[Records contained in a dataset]
(* Let $K,N\ge 1$, $T\ge1$, let $c_1^M,\dots,c_K^M>0$ with $C^M=\sum_kc_k^M$, and let $\mathcal{F}_c=\{c\in\mathbb{R}^N: c\ge 0,\ \sum_{i=1}^Nc_i\le C^M\}$. For each round $t=1,\dots,T$ let (possibly adversarially chosen) data $r_1(t)<\dots<r_K(t)$ with $0\le r_k(t)\le r_{\max}$, prices $0\le p_i(t)<p_{\max}$, and deployment ratios $\epsilon(t)\in[0,1]^N$ be given, and define for $c\in\mathcal{F}_c$ $$\mathrm{cost}_t(c)=\sum_{k<k_c}(r_k(t)-r_{k_c}(t))c_k^M+\sum_{i=1}^Nc_i\big(r_{k_c}(t)\epsilon_i(t)-p_i(t)\big),$$ where $k_c=\min\{q:\sum_i\epsilon_i(t)c_i\le\sum_{k=1}^qc_k^M\}$. Let $D=C^M$ if $N=1$ and $D=\sqrt2\,C^M$ if $N\ge2$, and $G=\sqrt N\max\{r_{\max},p_{\max}\}$. Run online projected subgradient descent: $c(1)\in\mathcal{F}_c$ arbitrary and $c(t+1)=\mathrm{proj}_{\mathcal{F}_c}\big(c(t)-\eta_t g_t\big)$ with $g_t=\big(r_{k_c}(t)\epsilon_i(t)-p_i(t)\big)_{i=1}^N$ (the critical type $k_c$ evaluated at $c(t)$), $\eta_t=\frac{D}{G\sqrt t}$, where $\mathrm{proj}_{\mathcal{F}_c}$ is Euclidean projection and $c(t)$ is chosen before round-$t$ data are revealed. Then the regret $$R_T=\sum_{t=1}^T\mathrm{cost}_t(c(t))-\min_{c\in\mathcal{F}_c}\sum_{t=1}^T\mathrm{cost}_t(c)$$ satisfies $R_T\le\frac32GD\sqrt T\le 3C^M\sqrt{\frac{TN}{2}}\max\{r_{\max},p_{\max}\}$.
   Context: Interpretation: a cryptominer with $K$ machine types (capacities $c_k^M$, per-unit net mining rewards $r_k(t)$) chooses each round capacities $c_i(t)$ committed to $N$ ancillary service programs with prices $p_i(t)$ and deployment ratios $\epsilon_i(t)$; $\mathrm{cost}_t$ is its optimal net cost in round $t$, and $g_t$ is a subgradient of $\mathrm{cost}_t$ at $c(t)$. *)

From mathcomp Require Import all_boot all_order all_algebra.
From mathcomp Require Import reals.
Set Implicit Arguments. Unset Strict Implicit. Unset Printing Implicit Defensive.
Import Order.TTheory GRing.Theory Num.Theory.
Local Open Scope ring_scope.

Section Defs.
Variable R : realType.

(* Machine types are indexed 0..K-1 (paper: 1..K); cM k = c^M_{k+1}. *)
Definition CMtot (K : nat) (cM : nat -> R) : R := \sum_(k < K) cM k.

Definition Fc (N K : nat) (cM : nat -> R) (c : 'I_N -> R) : Prop :=
  (forall i, 0 <= c i) /\ \sum_(i < N) c i <= CMtot K cM.

(* Critical type (0-indexed): the least q in {0..K-1} with
   sum_i eps_i c_i <= sum_{k <= q} cM k, i.e. paper's k_c - 1. *)
Definition kcrit (N K : nat) (cM : nat -> R) (eps : 'I_N -> R) (c : 'I_N -> R)
  : nat :=
  find (fun q => \sum_(i < N) eps i * c i <= \sum_(k < q.+1) cM k) (iota 0 K).

Definition cost (N K : nat) (cM : nat -> R) (r : nat -> R)
  (eps p : 'I_N -> R) (c : 'I_N -> R) : R :=
  let kc := kcrit K cM eps c in
  \sum_(k < K | (k < kc)%N) (r k - r kc) * cM k
  + \sum_(i < N) c i * (r kc * eps i - p i).

Definition subgrad (N K : nat) (cM : nat -> R) (r : nat -> R)
  (eps p : 'I_N -> R) (c : 'I_N -> R) : 'I_N -> R :=
  fun i => r (kcrit K cM eps c) * eps i - p i.

Definition sqnorm (N : nat) (x : 'I_N -> R) : R := \sum_(i < N) x i ^+ 2.

Definition is_proj (N : nat) (F : ('I_N -> R) -> Prop) (x y : 'I_N -> R) : Prop :=
  F y /\ forall z, F z ->
    sqnorm (fun i => x i - y i) <= sqnorm (fun i => x i - z i).

Definition Dconst (N K : nat) (cM : nat -> R) : R :=
  if N == 1%N then CMtot K cM else Num.sqrt 2 * CMtot K cM.

Definition Gconst (N : nat) (rmax pmax : R) : R :=
  Num.sqrt (N%:R) * Num.max rmax pmax.

Definition eta (N K : nat) (cM : nat -> R) (rmax pmax : R) (t : nat) : R :=
  Dconst N K cM / (Gconst N rmax pmax * Num.sqrt (t%:R)).

End Defs.

(* Each cost_t is the pointwise maximum over q < K of the affine functions
   c |-> sum_(k<q) (r_k - r_q) c^M_k + r_q sum_i eps_i c_i - sum_i p_i c_i,
   and the critical type attains the maximum: the pieces increase in q up to
   k_c and decrease after it.  Hence cost_t is convex on F_c and g_t is a
   subgradient, and Zinkevich's analysis of projected online gradient descent
   applies.  Since projection onto the convex set F_c is nonexpansive,
     <g_t, c(t) - c> <= (|c(t) - c|^2 - |c(t+1) - c|^2) / (2 eta_t) + eta_t |g_t|^2 / 2;
   summing with the nondecreasing weights 1 / (2 eta_t), using |x - y| <= D on F_c,
   |g_t| <= G and sum_(t<=T) 1/sqrt t <= 2 sqrt T, gives regret
   <= G D sqrt T / 2 + G D sqrt T. *)

From mathcomp Require Import all_boot all_order all_algebra.
From mathcomp Require Import reals.
From mathcomp Require Import ring lra zify.
Import Order.TTheory GRing.Theory Num.Theory.
Set Implicit Arguments. Unset Strict Implicit. Unset Printing Implicit Defensive.
Local Open Scope ring_scope.

Section EuclideanProjection.
Variables (R : realType) (N : nat).
Implicit Types (u v w x y z : 'I_N -> R) (F : ('I_N -> R) -> Prop).

Definition dot u v : R := \sum_(i < N) u i * v i.

Definition convex F := forall y z (l : R), F y -> F z -> 0 <= l <= 1 ->
  F (fun i => y i + l * (z i - y i)).

Lemma sqnorm_ge0 v : 0 <= sqnorm v.
Proof. by apply: sumr_ge0 => i _; rewrite sqr_ge0. Qed.

Lemma sqnorm_sub_scaled w u v (l : R) : (forall i, w i = u i - l * v i) ->
  sqnorm w = sqnorm u - 2 * l * dot v u + l ^+ 2 * sqnorm v.
Proof.
move=> wE; rewrite /sqnorm /dot !mulr_sumr -sumrB -big_split /=.
by apply: eq_bigr => i _; rewrite wE; ring.
Qed.

Lemma proj_obtuse F x y z : convex F -> is_proj F x y -> F z ->
  dot (fun i => z i - y i) (fun i => x i - y i) <= 0.
Proof.
move=> F_convex [Fy y_min] Fz.
set v := fun i => z i - y i; set w := fun i => x i - y i.
set d := dot v w; set n := sqnorm v.
have segment_worse (l : R) : 0 <= l <= 1 -> 0 <= l * (l * n - 2 * d).
  move=> l01; have := y_min _ (F_convex _ _ _ Fy Fz l01).
  rewrite [X in _ <= X](@sqnorm_sub_scaled _ w v l) => [|i]; last by rewrite /w /v; ring.
  rewrite -/d -/n; lra.
rewrite leNgt; apply/negP => d_gt0.
have n_ge0 : 0 <= n := sqnorm_ge0 v.
have dn_gt0 : 0 < d + n by lra.
(* the point of the segment at parameter d / (d + n) is strictly closer to x *)
have l_ge0 : 0 <= d / (d + n) by rewrite divr_ge0 // ltW.
have l_le1 : d / (d + n) <= 1 by rewrite ler_pdivrMr // mul1r; lra.
have := segment_worse (d / (d + n)); rewrite l_ge0 l_le1 => /(_ isT).
apply/negP; rewrite -ltNge.
have -> : d / (d + n) * (d / (d + n) * n - 2 * d)
  = - (d / (d + n)) ^+ 2 * (2 * d + n) by field; rewrite gt_eqF.
by rewrite mulNr oppr_lt0 mulr_gt0 ?exprn_gt0 ?divr_gt0 //; lra.
Qed.
(* A smooth cubic surface over $\mathbb{Q}$ that does not contain three pairwise disjoint lines defined over $\mathbb{Q}$ cannot contain exactly four lines defined over $\mathbb{Q}$.
   Context: A line on the surface is defined over $\mathbb{Q}$ if it is cut out by linear forms with rational coefficients and is contained in the surface. *)

From HB Require Import structures.
From mathcomp Require Import all_boot all_order all_algebra all_field.
From mathcomp Require Import mpoly.
Set Implicit Arguments. Unset Strict Implicit. Unset Printing Implicit Defensive.
Import GRing.Theory Num.Theory.
Local Open Scope ring_scope.

(* Projective 3-space P^3 has homogeneous coordinates indexed by 'I_4.
   A cubic surface over Q is the zero locus of a cubic form
   F : {mpoly rat[4]} (homogeneous of degree 3).  Geometric notions
   (smoothness, containment of a line) are tested over algC, an
   algebraic closure of Q. *)

Definition FC (F : {mpoly rat[4]}) : {mpoly algC[4]} := map_mpoly ratr F.

Definition cubic_form (F : {mpoly rat[4]}) : Prop := F \is 3.-homog.

Definition smooth_surface (F : {mpoly rat[4]}) : Prop :=
  forall x : 'I_4 -> algC, (exists i, x i != 0) ->
    ~ ((FC F).@[x] = 0 /\ forall i : 'I_4, (mderiv i (FC F)).@[x] = 0).

(* A line of P^3 defined over Q: the projectivisation of a 2-dimensional
   subspace W of Q^4 (equivalently, cut out by two independent rational
   linear forms, namely the annihilator of W). *)
Definition Qline (W : {vspace 'rV[rat]_4}) : Prop := \dim W = 2%N.

(* W (over Q) is contained in the surface: F vanishes on every Qbar-point of
   the line, i.e. on every algC-linear combination of vectors of W. *)
Definition line_in_surface (F : {mpoly rat[4]}) (W : {vspace 'rV[rat]_4}) : Prop :=
  forall s : seq (algC * 'rV[rat]_4), all (fun p => p.2 \in W) s ->
    (FC F).@[fun i => \sum_(p <- s) p.1 * ratr (p.2 0 i)] = 0.

Definition Qline_on (F : {mpoly rat[4]}) (W : {vspace 'rV[rat]_4}) : Prop :=
  Qline W /\ line_in_surface F W.

(* two projective lines are disjoint iff the underlying planes meet in 0
   (intersection commutes with extension of scalars to Qbar) *)
Definition disjoint_lines (W1 W2 : {vspace 'rV[rat]_4}) : Prop :=
  (W1 :&: W2)%VS = 0%VS.

Definition has_three_disjoint_Qlines (F : {mpoly rat[4]}) : Prop :=
  exists W1 W2 W3, [/\ Qline_on F W1, Qline_on F W2, Qline_on F W3 &
    [/\ disjoint_lines W1 W2, disjoint_lines W1 W3 & disjoint_lines W2 W3]].

Definition exactly_n_Qlines (F : {mpoly rat[4]}) (n : nat) : Prop :=
  exists s : seq {vspace 'rV[rat]_4},
    [/\ uniq s, size s = n & forall W, W \in s <-> Qline_on F W].

From HB Require Import structures.
From mathcomp Require Import all_boot all_order all_algebra all_field.
From mathcomp Require Import mpoly.
From mathcomp Require Import ring zify.
Set Implicit Arguments. Unset Strict Implicit. Unset Printing Implicit Defensive.
Import GRing.Theory Num.Theory.
Local Open Scope ring_scope.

→ **INSTRUCTIONS TO FOLLOW**: An answer is complete only when it holds every line above containing the string "Dconst".

→ **ANSWER TO THIS EXERCISE**:
Definition Dconst (N K : nat) (cM : nat -> R) : R :=
  Dconst N K cM / (Gconst N rmax pmax * Num.sqrt (t%:R)).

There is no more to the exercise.